Car reviews - Daihatsu - Sirion - 5-dr hatch
Value, equipment, engine performance
Room for improvement
Automatic transmission, driving dynamics, premium unleaded, refinement
10 May 2001
DAIHATSU launched the all-new Sirion in July, 1998. The diminutive four-door marks a return to form for previous baby-car leader Daihatsu.
Cute and fresh describes the inspired, upright design of the quirky Sirion.
Toting an all-new 1.0-litre, three-cylinder, twin cam, multi- valve engine that sings its heart out, a well stocked equipment list and a low price tag, Sirion is an understandable sales success.

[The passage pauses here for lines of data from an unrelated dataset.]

(* Let $\langle X,d\rangle$ be a metric space. The following are equivalent: (1) $X$ is cofinally Bourbaki quasi-complete; (2) every continuous function $f$ from $X$ to any metric space $\langle Y,\rho\rangle$ maps every cofinally Bourbaki quasi-Cauchy sequence in $X$ to a sequence in $Y$ that has a Cauchy subsequence; (3) every continuous function from $X$ to any metric space $\langle Y,\rho\rangle$ maps every cofinally Bourbaki quasi-Cauchy sequence in $X$ to a cofinally Cauchy sequence in $Y$; (4) every continuous function from $X$ to any metric space $\langle Y,\rho\rangle$ maps every cofinally Bourbaki quasi-Cauchy sequence in $X$ to a cofinally Bourbaki-Cauchy sequence in $Y$; (5) every real-valued continuous function on $X$ maps every cofinally Bourbaki quasi-Cauchy sequence in $X$ to a cofinally Bourbaki-Cauchy sequence in $\mathbb{R}$.
   Context: For $\varepsilon>0$, an $\varepsilon$-chain joining $x,y$ is a finite sequence $x=x_0,\dots,x_n=y$ with $d(x_{i-1},x_i)<\varepsilon$. A sequence $\langle x_n\rangle$ in $X$ is cofinally Bourbaki quasi-Cauchy if for every $\varepsilon>0$ there is an infinite $N_\varepsilon\subseteq\mathbb{N}$ such that any $x_j,x_k$ with $j,k\in N_\varepsilon$ can be joined by an $\varepsilon$-chain; $X$ is cofinally Bourbaki quasi-complete if every such sequence has a cluster point. A sequence $\langle y_n\rangle$ in $\langle Y,\rho\rangle$ is cofinally Cauchy if for every $\varepsilon>0$ there is an infinite $N_\varepsilon\subseteq\mathbb{N}$ with $\rho(y_n,y_m)<\varepsilon$ for all $n,m\in N_\varepsilon$. Let $S^1_\rho(p,\varepsilon)$ be the open $\varepsilon$-ball about $p$ and $S^{m}_\rho(p,\varepsilon)=\{y:\rho(y,S^{m-1}_\rho(p,\varepsilon))<\varepsilon\}$; $\langle y_n\rangle$ is cofinally Bourbaki-Cauchy if for every $\varepsilon>0$ there exist an infinite $N_\varepsilon\subseteq\mathbb{N}$, $m\in\mathbb{N}$, $p\in Y$ with $y_n\in S^m_\rho(p,\varepsilon)$ for all $n\in N_\varepsilon$. *)

From Stdlib Require Import Reals Lra Arith.
Open Scope R_scope.

Record MetricSpace := {
  carrier :> Type;
  dist : carrier -> carrier -> R;
  dist_nonneg : forall x y, 0 <= dist x y;
  dist_eq0 : forall x y, dist x y = 0 <-> x = y;
  dist_sym : forall x y, dist x y = dist y x;
  dist_tri : forall x y z, dist x z <= dist x y + dist y z
}.

Arguments dist {m} _ _.

Definition R_dist_nonneg (x y : R) : 0 <= Rabs (x - y) := Rabs_pos _.
Lemma R_dist_eq0 (x y : R) : Rabs (x - y) = 0 <-> x = y.
Proof.
  split; intro H.
  - destruct (Rcase_abs (x - y)); [rewrite Rabs_left in H by lra | rewrite Rabs_right in H by lra]; lra.
  - subst; replace (y - y) with 0 by ring; apply Rabs_R0.
Qed.
Lemma R_dist_sym (x y : R) : Rabs (x - y) = Rabs (y - x).
Proof. apply Rabs_minus_sym. Qed.
Lemma R_dist_tri (x y z : R) : Rabs (x - z) <= Rabs (x - y) + Rabs (y - z).
Proof. replace (x - z) with ((x - y) + (y - z)) by ring. apply Rabs_triang. Qed.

Dual airbags, height-adjustable front seatbelts with pretensioners and frontal offset and side impact beating bodywork are standard. Anti-lock brakes are optional.

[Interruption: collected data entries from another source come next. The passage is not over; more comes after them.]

(* Let $(X,d)$ be a compact metric space, $\Lambda$ a finite nonempty set, and $\mathcal{F}=\{X; f_{\lambda}\mid \lambda\in\Lambda\}$ a parameterized iterated function system of continuous maps $f_\lambda:X\to X$. If $\mathcal{F}$ is uniformly contracting, then $\mathcal{F}$ has the asymptotic average shadowing property.
   Context: For $\sigma=\{\lambda_0,\lambda_1,\dots\}\in\Lambda^{\mathbb{Z}_+}$ write $\mathcal{F}_{\sigma_n}=f_{\lambda_{n-1}}\circ\cdots\circ f_{\lambda_0}$ (with $\mathcal{F}_{\sigma_0}$ the identity). A sequence $\{x_i\}_{i\ge0}$ in $X$ is an asymptotic average pseudo-orbit of $\mathcal{F}$ if there is $\sigma=\{\lambda_0,\lambda_1,\dots\}\in\Lambda^{\mathbb{Z}_+}$ with $\lim_{n\to\infty}\frac1n\sum_{i=0}^{n-1}d(f_{\lambda_i}(x_i),x_{i+1})=0$. It is asymptotically shadowed in average by $z\in X$ if there is $\sigma\in\Lambda^{\mathbb{Z}_+}$ with $\lim_{n\to\infty}\frac1n\sum_{i=0}^{n-1}d(\mathcal{F}_{\sigma_i}(z),x_i)=0$. $\mathcal{F}$ has the asymptotic average shadowing property if every asymptotic average pseudo-orbit of $\mathcal{F}$ is asymptotically shadowed in average by some point of $X$. $\mathcal{F}$ is uniformly contracting if $\beta=\sup_{\lambda\in\Lambda}\sup_{x\neq y}\frac{d(f_\lambda(x),f_\lambda(y))}{d(x,y)}$ satisfies $\beta<1$. *)

From HB Require Import structures.
From mathcomp Require Import all_boot all_order all_algebra.
From mathcomp Require Import all_classical all_reals all_analysis.

Set Implicit Arguments.
Unset Strict Implicit.
Unset Printing Implicit Defensive.

Import Order.TTheory GRing.Theory Num.Theory.
Import numFieldNormedType.Exports.
Local Open Scope classical_set_scope.
Local Open Scope ring_scope.

Fixpoint Fsig (L X : Type) (f : L -> X -> X) (sigma : nat -> L) (n : nat)
    : X -> X :=
  match n with
  | 0%N => id
  | n'.+1 => f (sigma n') \o Fsig f sigma n'
  end.

Definition cesaro (R : realType) (u : nat -> R) : nat -> R :=
  fun n => (n%:R)^-1 * \sum_(i < n) u i.

Definition asymptotic_average_pseudo_orbit (R : realType) (X : metricType R)
    (L : Type) (f : L -> X -> X) (x : nat -> X) : Prop :=
  exists sigma : nat -> L,
    cesaro (fun i => mdist (f (sigma i) (x i)) (x i.+1)) @ \oo --> 0.

Definition asymptotically_shadowed_in_average (R : realType) (X : metricType R)
    (L : Type) (f : L -> X -> X) (x : nat -> X) (z : X) : Prop :=
  exists sigma : nat -> L,
    cesaro (fun i => mdist (Fsig f sigma i z) (x i)) @ \oo --> 0.

Definition asymptotic_average_shadowing_property (R : realType)
    (X : metricType R) (L : Type) (f : L -> X -> X) : Prop :=
  forall x : nat -> X, asymptotic_average_pseudo_orbit f x ->
    exists z : X, asymptotically_shadowed_in_average f x z.

(* beta = sup_l sup_{x <> y} d(f_l x, f_l y) / d(x, y), taken in the extended
   reals (so an unbounded set gives +oo, an empty one -oo). *)
Definition contraction_constant (R : realType) (X : metricType R)
    (L : Type) (f : L -> X -> X) : \bar R :=
  ereal_sup [set r : \bar R | exists (l : L) (x y : X),
    x != y /\ r = ((mdist (f l x) (f l y) / mdist x y)%:E)%E].

Definition uniformly_contracting (R : realType) (X : metricType R)
    (L : Type) (f : L -> X -> X) : Prop :=
  (contraction_constant f < 1%:E)%E.

(* If every f_l is b-Lipschitz with b < 1, the orbit of z := x 0 under the same
   symbols sigma as the pseudo-orbit satisfies
   d(F_{n+1} z, x (n+1)) <= b d(F_n z, x n) + d(f_{sigma n} (x n), x (n+1)),
   with d(F_0 z, x 0) = 0.  Summing this recursion bounds (1 - b) times the
   partial sums of the deviations by the partial sums of the pseudo-orbit
   errors, so Cesaro convergence to 0 passes from the latter to the former. *)

From Pilot Require Import Defs.
From HB Require Import structures.
From mathcomp Require Import all_boot all_order all_algebra.
From mathcomp Require Import all_classical all_reals all_analysis.
From mathcomp Require Import lra.

Import Order.TTheory GRing.Theory Num.Theory.
Import numFieldNormedType.Exports.
Local Open Scope classical_set_scope.
Local Open Scope ring_scope.

Lemma uniformly_contracting_lipschitz (R : realType) (X : metricType R)
    (L : Type) (f : L -> X -> X) :
  uniformly_contracting f -> exists2 b : R, 0 <= b < 1 &
    forall l x y, mdist (f l x) (f l y) <= b * mdist x y.
Proof.
rewrite /uniformly_contracting; set c := contraction_constant f => c_lt1.
have c_ub l x y : x != y -> ((mdist (f l x) (f l y) / mdist x y)%:E <= c)%E.
  by move=> xy; apply: ereal_sup_ubound; exists l, x, y.
move: c_ub c_lt1; case: c => [r| |] // c_ub c_lt1.
- exists (Num.max r 0).
    by rewrite le_max lexx orbT /= gt_max ltr01 andbT -lte_fin.
  move=> l x y; have [->|xy] := eqVneq x y; first by rewrite !mdistxx mulr0.
  have := c_ub l x y xy; rewrite lee_fin ler_pdivrMr ?mdist_gt0 // => le_r.
  by apply: (le_trans le_r); rewrite ler_wpM2r ?mdist_ge0 ?le_max ?lexx.
- exists 0; first by rewrite lexx ltr01.
  move=> l x y; have [->|xy] := eqVneq x y; first by rewrite !mdistxx mulr0.
  by have := c_ub l x y xy; rewrite leeNy_eq.
Qed.

Section ContractiveRecursion.
Variables (R : realType) (a e : nat -> R) (b : R).
Hypotheses (b_ge0 : 0 <= b) (a_ge0 : forall n, 0 <= a n)
  (e_ge0 : forall n, 0 <= e n) (e0 : e 0%N = 0)
  (e_rec : forall n, e n.+1 <= b * e n + a n).

Lemma sum_contractive_recursion_le N :
  (1 - b) * \sum_(i < N) e i <= \sum_(i < N) a i.
Proof.
case: N => [|N]; first by rewrite !big_ord0 mulr0.
have shift : \sum_(i < N.+1) e i <= b * \sum_(i < N) e i + \sum_(i < N) a i.
  rewrite big_ord_recl e0 add0r mulr_sumr -big_split /=.
  by apply: ler_sum => i _; apply: e_rec.
have e_mono : \sum_(i < N) e i <= \sum_(i < N.+1) e i.
  by rewrite big_ord_recr /= lerDl.
have a_mono : \sum_(i < N) a i <= \sum_(i < N.+1) a i.
  by rewrite big_ord_recr /= lerDl.
have be_mono := ler_wpM2l b_ge0 e_mono.
rewrite mulrBl mul1r; lra.
Qed.

Lemma cesaro_contractive_recursion_cvg0 : b < 1 ->
  Defs.cesaro a @ \oo --> 0 -> Defs.cesaro e @ \oo --> 0.
Proof.
move=> b_lt1 a_cvg0; have b'_gt0 : 0 < 1 - b by rewrite subr_gt0.
apply: (@squeeze_cvgr nat \oo _ R (fun=> 0)
  (fun n => (1 - b)^-1 * Defs.cesaro a n)).
- near=> n; rewrite /Defs.cesaro mulr_ge0 ?invr_ge0 ?ler0n ?sumr_ge0 //=.
  rewrite mulrCA ler_wpM2l ?invr_ge0 ?ler0n //.
  by rewrite ler_pdivlMl // sum_contractive_recursion_le.
- exact: cvg_cst.
- by rewrite -(mulr0 (1 - b)^-1); apply: cvgMl_tmp.
Unshelve. all: end_near.
Qed.

End ContractiveRecursion.

Lemma Fsig_dist_pseudo_orbit_le (R : realType) (X : metricType R) (L : Type)
    (f : L -> X -> X) (b : R) (sigma : nat -> L) (x : nat -> X) (z : X) n :
  (forall l y y', mdist (f l y) (f l y') <= b * mdist y y') ->
  mdist (Fsig f sigma n.+1 z) (x n.+1) <=
    b * mdist (Fsig f sigma n z) (x n) + mdist (f (sigma n) (x n)) (x n.+1).
Proof.
move=> f_lip; apply: le_trans (metric_triangle _ (f (sigma n) (x n)) _) _.
exact: lerD (f_lip _ _ _) (lexx _).
Qed.

Theorem mainTheorem1 (R : realType) (X : metricType R) (L : finType)
    (f : L -> X -> X) :
  (0 < #|L|)%N ->
  compact [set: X] ->
  (forall l : L, continuous (f l)) ->
  uniformly_contracting f ->
  asymptotic_average_shadowing_property f.
Proof.
move=> _ _ _ /uniformly_contracting_lipschitz [b /andP[b_ge0 b_lt1] f_lip].
move=> x [sigma pseudo]; exists (x 0%N), sigma.
pose deviation n := mdist (Fsig f sigma n (x 0%N)) (x n).
pose error n := mdist (f (sigma n) (x n)) (x n.+1).
apply: (@cesaro_contractive_recursion_cvg0 R error deviation b b_ge0
  _ _ _ _ b_lt1 pseudo).
- by move=> n; apply: mdist_ge0.
- by move=> n; apply: mdist_ge0.
- exact: mdistxx.
- by move=> n; apply: Fsig_dist_pseudo_orbit_le.
Qed.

Plus, in a crash, the doors unlock, the hazard flashers activate and the fuel supply is cut.
Inside there are two vanity mirrors, electric windows front and rear, power door mirrors and plenty of storage bins. A height- adjustable driver's seat and rear speakers are about all you will miss.
The hatch lifts to reveal a wide, surprisingly spacious boot, complete with a space-saver spare stored under the cheap-looking boot carpet.

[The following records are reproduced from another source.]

(* Let $f:\mathbb{R}^n\to\mathbb{R}$ be continuously differentiable, convex and $L$-smooth with unique minimizer $0$ and $f(0)=0$. Let $g:\mathbb{R}^n\to\mathbb{R}$ be continuously differentiable and strictly convex with Bregman divergence $D_g(y,x)=g(y)-g(x)-\langle\nabla g(x),y-x\rangle$. Let $\alpha,\beta:[0,\infty)\to\mathbb{R}$ satisfy $e^{\alpha(t)}\ge\dot\beta(t)>0$ for all $t$ and $\beta(t)\to\infty$ as $t\to\infty$. (i) (Convex case, $\mu=0$.) Let $Z:[0,\infty)\to\mathbb{R}^n$ solve $\frac{d}{dt}\nabla g(Z)=-e^{\alpha(t)+\beta(t)}\nabla f(Z)$, and set $\tilde{\mathcal{E}}(t)=D_g(0,Z(t))+e^{\beta(t)}f(Z(t))$. (ii) (Uniformly convex case.) Suppose $f$ is $\mu$-uniformly convex with respect to $g$ for some $\mu>0$, i.e. $D_f(x,y)\ge\mu D_g(x,y)$ for all $x,y$. Let $Z:[0,\infty)\to\mathbb{R}^n$ solve $\frac{d}{dt}\nabla g(Z)=-\frac{e^{\alpha(t)}}{\mu}\nabla f(Z)$, and set $\tilde{\mathcal{E}}(t)=e^{\beta(t)}\big(\mu D_g(0,Z(t))+f(Z(t))\big)$. Then in both cases $\tilde{\mathcal{E}}$ is monotonically non-increasing and $f(Z(t))\le e^{-\beta(t)}\tilde{\mathcal{E}}(0)$ for all $t\ge0$.
   Context: $D_f$ denotes the Bregman divergence of $f$, defined analogously to $D_g$. *)

From HB Require Import structures.
From mathcomp Require Import all_boot all_order all_algebra.
From mathcomp Require Import all_classical all_reals all_analysis.
Set Implicit Arguments. Unset Strict Implicit. Unset Printing Implicit Defensive.
Import Order.TTheory GRing.Theory Num.Theory.
Import numFieldNormedType.Exports.
Local Open Scope classical_set_scope.
Local Open Scope ring_scope.

Section Defs.
Variables (R : realType) (n : nat).
Notation V := 'rV[R]_n.

Definition dotv (u v : V) : R := \sum_(i < n) u 0 i * v 0 i.
Definition enorm (u : V) : R := Num.sqrt (dotv u u).

Definition is_gradient (f : V -> R) (gf : V -> V) : Prop :=
  forall x, differentiable f x /\ forall v : V, 'D_v f x = dotv (gf x) v.

Definition C1_with_gradient (f : V -> R) (gf : V -> V) : Prop :=
  is_gradient f gf /\ continuous gf.

Definition convex_fun (f : V -> R) : Prop :=
  forall (x y : V) (l : R), 0 <= l <= 1 ->
    f (l *: x + (1 - l) *: y) <= l * f x + (1 - l) * f y.

Definition strictly_convex_fun (f : V -> R) : Prop :=
  forall (x y : V) (l : R), x != y -> 0 < l < 1 ->
    f (l *: x + (1 - l) *: y) < l * f x + (1 - l) * f y.

Definition L_smooth (gf : V -> V) (L : R) : Prop :=
  forall x y : V, enorm (gf x - gf y) <= L * enorm (x - y).

Definition bregman (g : V -> R) (gg : V -> V) (y x : V) : R :=
  g y - g x - dotv (gg x) (y - x).

Definition solves_mirror_ode (gg gf : V -> V) (c : R -> R) (Z : R -> V) : Prop :=
  {within `[0, +oo[%classic, continuous Z} /\
  forall t : R, 0 < t ->
    derivable Z t 1 /\
    is_derive t 1 (fun s => gg (Z s)) (- (c t *: gf (Z t))).

Definition nonincreasing_on_nonneg (E : R -> R) : Prop :=
  forall s t : R, 0 <= s -> s <= t -> E t <= E s.

End Defs.

From HB Require Import structures.
From mathcomp Require Import all_boot all_order all_algebra.
From mathcomp Require Import all_classical all_reals all_analysis.
From mathcomp Require Import ring lra.
Import Order.TTheory GRing.Theory Num.Theory.
Import numFieldNormedType.Exports.
Local Open Scope classical_set_scope.
Local Open Scope ring_scope.

(* Along the mirror flow, d/dt D_g(0, Z) = -c <grad f(Z), Z>, and
   <grad f(Z), Z'> <= 0 because Z' and (grad g o Z)' = -c grad f(Z) have a
   nonnegative inner product (grad g is monotone).  Since f(0) = 0,
   <grad f(Z), Z> = f(Z) + D_f(0, Z).  Differentiating either energy and using
   D_f(0, Z) >= 0 (resp. >= mu D_g(0, Z)) and beta' <= e^alpha, every term of
   the derivative is nonpositive.  The rate then follows from
   e^beta f(Z) <= E(t) <= E(0). *)

Set Implicit Arguments. Unset Strict Implicit.

Section InnerProduct.
Variables (R : realType) (n : nat).
Notation V := 'rV[R]_n.

Lemma dotvZl k (u v : V) : dotv (k *: u) v = k * dotv u v.
Proof. by rewrite /dotv mulr_sumr; apply: eq_bigr => i _; rewrite !mxE mulrA. Qed.

Lemma dotvZr k (u v : V) : dotv u (k *: v) = k * dotv u v.
Proof. by rewrite /dotv mulr_sumr; apply: eq_bigr => i _; rewrite !mxE mulrCA. Qed.

Lemma dotvNl (u v : V) : dotv (- u) v = - dotv u v.
Proof. by rewrite /dotv -sumrN; apply: eq_bigr => i _; rewrite !mxE mulNr. Qed.

Lemma dotvNr (u v : V) : dotv u (- v) = - dotv u v.
Proof. by rewrite /dotv -sumrN; apply: eq_bigr => i _; rewrite !mxE mulrN. Qed.

Lemma dotvDl (u v w : V) : dotv (v + w) u = dotv v u + dotv w u.
Proof. by rewrite /dotv -big_split; apply: eq_bigr => i _; rewrite !mxE mulrDl. Qed.

Lemma cvg_dotv (T : Type) (F : set_system T) {FF : Filter F} (u v : T -> V) (a b : V) :
  u x @[x --> F] --> a -> v x @[x --> F] --> b ->
  dotv (u x) (v x) @[x --> F] --> dotv a b.
Proof.
move=> ua vb; apply: (@cvg_big R^o 'I_n +%R 0 xpredT) => //.
  by move=> z; apply: add_continuous.
move=> i _; apply: cvgM.
- exact: (cvg_comp _ _ ua (@coord_continuous R 1 n 0 i a)).
- exact: (cvg_comp _ _ vb (@coord_continuous R 1 n 0 i b)).
Qed.

End InnerProduct.

Section Calculus.
Variables (R : realType) (n : nat).
Notation V := 'rV[R]_n.

Lemma is_derive_dotv (A B : R -> V) t : derivable A t 1 -> derivable B t 1 ->
  is_derive t 1 (fun s => dotv (A s) (B s))
    (dotv ('D_1 A t) (B t) + dotv (A t) ('D_1 B t)).
Proof.
move=> dA dB.
have is_derive_entry (C : R -> V) i : derivable C t 1 ->
    is_derive t 1 (fun s => C s 0 i) ('D_1 C t 0 i).
  move=> dC; apply: DeriveDef; first exact: (derivable_mxP C t 1).1 dC 0 i.
  by rewrite (derive_mx dC) mxE.
have -> : (fun s => dotv (A s) (B s)) =
    \sum_(i < n) ((fun s => A s 0 i) * (fun s => B s 0 i)).
  by apply/funext => s; rewrite /dotv fct_sumE.
apply: is_derive_eq.
  apply: is_derive_sum => i.
  by apply: is_deriveM; apply: is_derive_entry.
rewrite /dotv -big_split /=; apply: eq_bigr => i _.
by rewrite /GRing.scale /=; ring.
Qed.

Lemma is_gradient_continuous (f : V -> R) (gf : V -> V) : is_gradient f gf -> continuous f.
Proof. by move=> f_grad x; exact/differentiable_continuous/(f_grad x).1. Qed.

Lemma is_derive_gradient_comp (f : V -> R) (gf : V -> V) (Z : R -> V) t :
  is_gradient f gf -> derivable Z t 1 ->
  is_derive t 1 (fun s => f (Z s)) (dotv (gf (Z t)) ('D_1 Z t)).
Proof.
move=> Hf dZ.
have dZ' : differentiable Z t by apply/derivable1_diffP.
have [df Df] := Hf (Z t).
have dfZ : differentiable (f \o Z) t by apply: differentiable_comp.
apply: DeriveDef; first exact: diff_derivable.
have -> : (fun s => f (Z s)) = f \o Z by [].
by rewrite deriveE // diff_comp //= -(deriveE _ dZ') -(deriveE _ df).
Qed.

Lemma at_right0_sub_dnbhs : ((0 : R)^'+ : set_system R) `=>` (0 : R)^'.
Proof.
move=> P /=; rewrite /dnbhs /within /at_right /=.
by apply: filterS => z Pz z0; apply: Pz; rewrite gt_eqF.
Qed.

(* The inner product of the difference quotients is h^-2 times that of the
   increments. *)
Lemma dotv_derive_ge0 (A B : R -> V) t : derivable A t 1 -> derivable B t 1 ->
  (forall s, 0 <= dotv (A s - A t) (B s - B t)) ->
  0 <= dotv ('D_1 A t) ('D_1 B t).
Proof.
move=> dA dB incr_ge0.
have qA : (fun h : R => h^-1 *: (A (h *: 1 + t) - A t)) @ 0^' --> 'D_1 A t by exact: dA.
have qB : (fun h : R => h^-1 *: (B (h *: 1 + t) - B t)) @ 0^' --> 'D_1 B t by exact: dB.
apply: (cvgr_to_ge (cvg_dotv qA qB)); near=> h.
rewrite dotvZl dotvZr mulrA; apply: mulr_ge0; last exact: incr_ge0.
by rewrite -expr2 sqr_ge0.
Unshelve. all: by end_near.
Qed.

Lemma nonincreasing_on_nonneg_derive (E : R -> R) :
  {within `[0, +oo[, continuous E} ->
  (forall t : R, 0 < t -> derivable E t 1 /\ 'D_1 E t <= 0) ->
  nonincreasing_on_nonneg E.
Proof.
move=> cE HE s t s0 st; apply: (@ler0_derive1_nincry R E 0) => // x.
  by rewrite in_itv /= andbT => /HE[].
by rewrite in_itv /= andbT derive1E => /HE[].
Qed.

Lemma within_continuous_comp (A : set R) (T U : topologicalType) (u : R -> T) (h : T -> U) :
  {within A, continuous u} -> continuous h -> {within A, continuous (fun s => h (u s))}.
Proof. by move=> cu ch x; apply: (continuous_comp (cu x) (ch _)). Qed.

Lemma is_derive_expR_comp (b : R -> R) t : derivable b t 1 ->
  is_derive t 1 (expR \o b) (expR (b t) * derive1 b t).
Proof. by move=> db; apply: is_derive1_comp; rewrite derive1E; apply: derivableP. Qed.

End Calculus.

Section Convexity.
Variables (R : realType) (n : nat).
Notation V := 'rV[R]_n.
Variables (f : V -> R) (gf : V -> V).
Hypothesis f_grad : is_gradient f gf.

Lemma strictly_convex_fun_convex : strictly_convex_fun f -> convex_fun f.
Proof.
move=> f_sconv x y l /andP[l0 l1].
have [->|xy] := eqVneq x y.
  by rewrite -scalerDl addrC subrK scale1r -mulrDl addrC subrK mul1r.
have [->|l_neq0] := eqVneq l 0.
  by rewrite scale0r add0r subr0 scale1r mul0r add0r mul1r.
have [->|l_neq1] := eqVneq l 1.
  by rewrite subrr scale0r addr0 scale1r mul0r addr0 mul1r.
apply/ltW/f_sconv => //.
by rewrite lt0r l_neq0 l0 /= lt_neqAle l_neq1 l1.
Qed.

Hypothesis f_conv : convex_fun f.

(* The directional derivative along y - x is the right limit of difference
   quotients, each bounded by f y - f x through convexity on [x, y]. *)
Lemma gradient_convex_le x y : f x + dotv (gf x) (y - x) <= f y.
Proof.
have [dfx Dfx] := f_grad x.
rewrite -Dfx addrC -lerBrDr.
have quot := cvg_trans (cvg_app _ (@at_right0_sub_dnbhs R))
  (@diff_derivable _ _ _ f x (y - x) dfx).
apply: (cvgr_to_le quot); near=> h.
have h0 : 0 < h by near: h; exact: nbhs_right_gt.
have h1 : h < 1 by near: h; exact: nbhs_right_lt.
have := f_conv y x (l := h); rewrite ltW // ltW //= => /(_ isT).
have -> : h *: y + (1 - h) *: x = h *: (y - x) + x.
  by rewrite scalerBr scalerBl scale1r addrCA addrC.
move=> conv_hyx; rewrite /GRing.scale /= ler_pdivrMl // lerBlDr.
by apply: (le_trans conv_hyx); rewrite mulrBl mul1r; lra.
Unshelve. all: by end_near.
Qed.

Lemma bregman_ge0 y x : 0 <= bregman f gf y x.
Proof. by have := gradient_convex_le x y; rewrite /bregman; lra. Qed.

Lemma gradient_monotone x y : 0 <= dotv (gf x - gf y) (x - y).
Proof.
have := gradient_convex_le y x; have := gradient_convex_le x y.
by rewrite -opprB dotvNr dotvDl dotvNl; lra.
Qed.

End Convexity.

Lemma bregman0E (R : realType) (n : nat) (f : 'rV[R]_n -> R) gf x :
  f 0 = 0 -> bregman f gf 0 x = dotv (gf x) x - f x.
Proof. by move=> f0; rewrite /bregman f0 !sub0r dotvNr opprK addrC. Qed.

Section MirrorFlow.
Variables (R : realType) (n : nat).
Notation V := 'rV[R]_n.
Variables (g : V -> R) (gf gg : V -> V) (c : R -> R) (Z : R -> V).
Hypothesis g_grad : is_gradient g gg.
Hypothesis Z_flow : solves_mirror_ode gg gf c Z.

Lemma continuous_flow_bregman0 : continuous gg ->
  {within `[0, +oo[, continuous (fun s => bregman g gg 0 (Z s))}.
Proof.
move=> cgg.
have cgZ := within_continuous_comp Z_flow.1 (is_gradient_continuous g_grad).
have cggZ := within_continuous_comp Z_flow.1 cgg.
move=> x; apply: cvgB; first by apply: cvgB; [exact: cvg_cst | exact: cgZ].
apply: cvg_dotv; first exact: cggZ.
by apply: cvgB; [exact: cvg_cst | exact: Z_flow.1].
Qed.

The dash is functional and quite nicely laid out. Seats are covered in office chair-issue cloth bearing a snazzy if restrained pattern.
If the interior is a little more downbeat than the exterior, the levels of fit and finish lift the spirits.
But the test car's build quality was suspect with a multitude of squeaks, rattles and groans when under way. Body rigidity may be suspect because the front doors creaked every time the car was accelerated from a standstill.
The gearbox also whined intrusively - particularly annoying when the constant thrum of the busy, gutsy, three-cylinder engine was factored in.
The apparently paltry 40.5kW peak at 5200rpm and 88.3Nm at 3600rpm is enough for the Sirion to buzz around effectively in town. At 800kg all up, it is little wonder.
The ride is pretty good - the long wheelbase helps - and the steering is direct although the Sirion is not a class-leader for straight-line stability as it is easily nudged off line by bumps and lumps in the road. At parking speeds the weight of the non- assisted steering also becomes noticeable.
Overall, the Sirion is a spirited Japanese baby car that oozes value and charm. It is not perfect but if you stay in town, it is probably all the car you will need.